Start of Entries shown
(* Let $\widehat{X}=(\widehat{X}(t))_{t\in[0,1]}$ and $\widehat{Y}=(\widehat{Y}(t))_{t\in[0,1]}$ be independent one-dimensional standard Brownian bridges on $[0,1]$ (Gaussian processes with $\widehat{X}(0)=\widehat{X}(1)=0$, mean zero and $\mathrm{Cov}(\widehat{X}(s),\widehat{X}(t))=s(1-t)$ for $0\le s<t\le 1$), and let $\mu$ be a probability density function supported on $[0,1]$. Define $M_0(t)=\int_0^t\mu(s)\,ds$, $M_1(t)=\int_0^t M_0(s)\,ds$, $M_2(t)=\int_0^t M_1(s)\,ds$. Then the average radius of gyration of the two-dimensional tracked Brownian bridge $(\widehat{X}(t),\widehat{Y}(t))_{t\in\widetilde S}$ in the limit $c\to\infty$, namely $$r^2:=2\,\mathbb{E}\left[\int_0^1 \widehat{X}(t)^2\mu(t)\,dt\right],$$ satisfies $$r^2=2M_1(1)-4M_2(1).$$
   Context: Tracking setup: $S$ is a non-homogeneous Poisson point process on $[0,1]$ with intensity $\lambda(t)=c\mu(t)$, $c>0$, and $\widetilde S=S\cup\{0,1\}$; the tracked bridge is the set of observed locations $(\widehat{X}(t),\widehat{Y}(t))$, $t\in\widetilde S$. Its gyration tensor about the tether point $(0,0)$ has entries $T_{11}=\frac{1}{2+|S|}\sum_{t\in S}\widehat X(t)^2$, $T_{22}=\frac{1}{2+|S|}\sum_{t\in S}\widehat Y(t)^2$, $T_{12}=\frac{1}{2+|S|}\sum_{t\in S}\widehat X(t)\widehat Y(t)$, and its radius of gyration is $T_{11}+T_{22}$. As $c\to\infty$ these entries are replaced by $\int_0^1\widehat X(t)^2\mu(t)dt$, $\int_0^1\widehat Y(t)^2\mu(t)dt$, $\int_0^1\widehat X(t)\widehat Y(t)\mu(t)dt$, and the limiting average radius of gyration is defined to be $r^2=2\mathbb{E}[\int_0^1\widehat X(t)^2\mu(t)dt]$. *)

From HB Require Import structures.
From mathcomp Require Import all_boot all_order all_algebra.
From mathcomp Require Import all_classical all_reals all_analysis.
Set Implicit Arguments. Unset Strict Implicit. Unset Printing Implicit Defensive.
Import Order.TTheory GRing.Theory Num.Theory.
Import numFieldNormedType.Exports.
Local Open Scope classical_set_scope.
Local Open Scope ring_scope.

Section defs.
Context {d : measure_display} {T : measurableType d} {R : realType}.
Variable P : probability T R.

Definition gaussian_rv (Z : T -> R) : Prop :=
  measurable_fun setT Z /\
  exists m s : R,
    (s = 0 /\ forall A, measurable A -> P (Z @^-1` A) = \d_m A) \/
    (s != 0 /\ forall A, measurable A -> P (Z @^-1` A) = normal_prob m s A).

Definition gaussian_process (X : R -> T -> R) : Prop :=
  forall (ts : seq R) (a : nat -> R),
    (forall i, (i < size ts)%N -> nth 0 ts i \in `[0, 1]) ->
    gaussian_rv (fun w => \sum_(i < size ts) a i * X (nth 0 ts i) w).

Definition brownian_bridge (X : R -> T -> R) : Prop :=
  gaussian_process X /\
  P [set w | X 0 w = 0] = 1%E /\ P [set w | X 1 w = 0] = 1%E /\
  (forall t, t \in `[0, 1] -> ('E_P[X t] = 0)%E) /\
  (forall s t, s \in `[0, 1] -> t \in `[0, 1] -> s <= t ->
     (covariance P (X s) (X t) = (s * (1 - t))%:E)%E) /\
  measurable_fun ((`[0, 1] : set R) `*` (setT : set T)) (fun p : R * T => X p.1 p.2).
End of Entries shown
*Work to be completed:*
Transcribe all entries exactly as they are given.

*Response to this exercise:*
(* Let $\widehat{X}=(\widehat{X}(t))_{t\in[0,1]}$ and $\widehat{Y}=(\widehat{Y}(t))_{t\in[0,1]}$ be independent one-dimensional standard Brownian bridges on $[0,1]$ (Gaussian processes with $\widehat{X}(0)=\widehat{X}(1)=0$, mean zero and $\mathrm{Cov}(\widehat{X}(s),\widehat{X}(t))=s(1-t)$ for $0\le s<t\le 1$), and let $\mu$ be a probability density function supported on $[0,1]$. Define $M_0(t)=\int_0^t\mu(s)\,ds$, $M_1(t)=\int_0^t M_0(s)\,ds$, $M_2(t)=\int_0^t M_1(s)\,ds$. Then the average radius of gyration of the two-dimensional tracked Brownian bridge $(\widehat{X}(t),\widehat{Y}(t))_{t\in\widetilde S}$ in the limit $c\to\infty$, namely $$r^2:=2\,\mathbb{E}\left[\int_0^1 \widehat{X}(t)^2\mu(t)\,dt\right],$$ satisfies $$r^2=2M_1(1)-4M_2(1).$$
   Context: Tracking setup: $S$ is a non-homogeneous Poisson point process on $[0,1]$ with intensity $\lambda(t)=c\mu(t)$, $c>0$, and $\widetilde S=S\cup\{0,1\}$; the tracked bridge is the set of observed locations $(\widehat{X}(t),\widehat{Y}(t))$, $t\in\widetilde S$. Its gyration tensor about the tether point $(0,0)$ has entries $T_{11}=\frac{1}{2+|S|}\sum_{t\in S}\widehat X(t)^2$, $T_{22}=\frac{1}{2+|S|}\sum_{t\in S}\widehat Y(t)^2$, $T_{12}=\frac{1}{2+|S|}\sum_{t\in S}\widehat X(t)\widehat Y(t)$, and its radius of gyration is $T_{11}+T_{22}$. As $c\to\infty$ these entries are replaced by $\int_0^1\widehat X(t)^2\mu(t)dt$, $\int_0^1\widehat Y(t)^2\mu(t)dt$, $\int_0^1\widehat X(t)\widehat Y(t)\mu(t)dt$, and the limiting average radius of gyration is defined to be $r^2=2\mathbb{E}[\int_0^1\widehat X(t)^2\mu(t)dt]$. *)

From HB Require Import structures.
From mathcomp Require Import all_boot all_order all_algebra.
From mathcomp Require Import all_classical all_reals all_analysis.
Set Implicit Arguments. Unset Strict Implicit. Unset Printing Implicit Defensive.
Import Order.TTheory GRing.Theory Num.Theory.
Import numFieldNormedType.Exports.
Local Open Scope classical_set_scope.
Local Open Scope ring_scope.

Section defs.
Context {d : measure_display} {T : measurableType d} {R : realType}.
Variable P : probability T R.

Definition gaussian_rv (Z : T -> R) : Prop :=
  measurable_fun setT Z /\
  exists m s : R,
    (s = 0 /\ forall A, measurable A -> P (Z @^-1` A) = \d_m A) \/
    (s != 0 /\ forall A, measurable A -> P (Z @^-1` A) = normal_prob m s A).

Definition gaussian_process (X : R -> T -> R) : Prop :=
  forall (ts : seq R) (a : nat -> R),
    (forall i, (i < size ts)%N -> nth 0 ts i \in `[0, 1]) ->
    gaussian_rv (fun w => \sum_(i < size ts) a i * X (nth 0 ts i) w).

Definition brownian_bridge (X : R -> T -> R) : Prop :=
  gaussian_process X /\
  P [set w | X 0 w = 0] = 1%E /\ P [set w | X 1 w = 0] = 1%E /\
  (forall t, t \in `[0, 1] -> ('E_P[X t] = 0)%E) /\
  (forall s t, s \in `[0, 1] -> t \in `[0, 1] -> s <= t ->
     (covariance P (X s) (X t) = (s * (1 - t))%:E)%E) /\
  measurable_fun ((`[0, 1] : set R) `*` (setT : set T)) (fun p : R * T => X p.1 p.2).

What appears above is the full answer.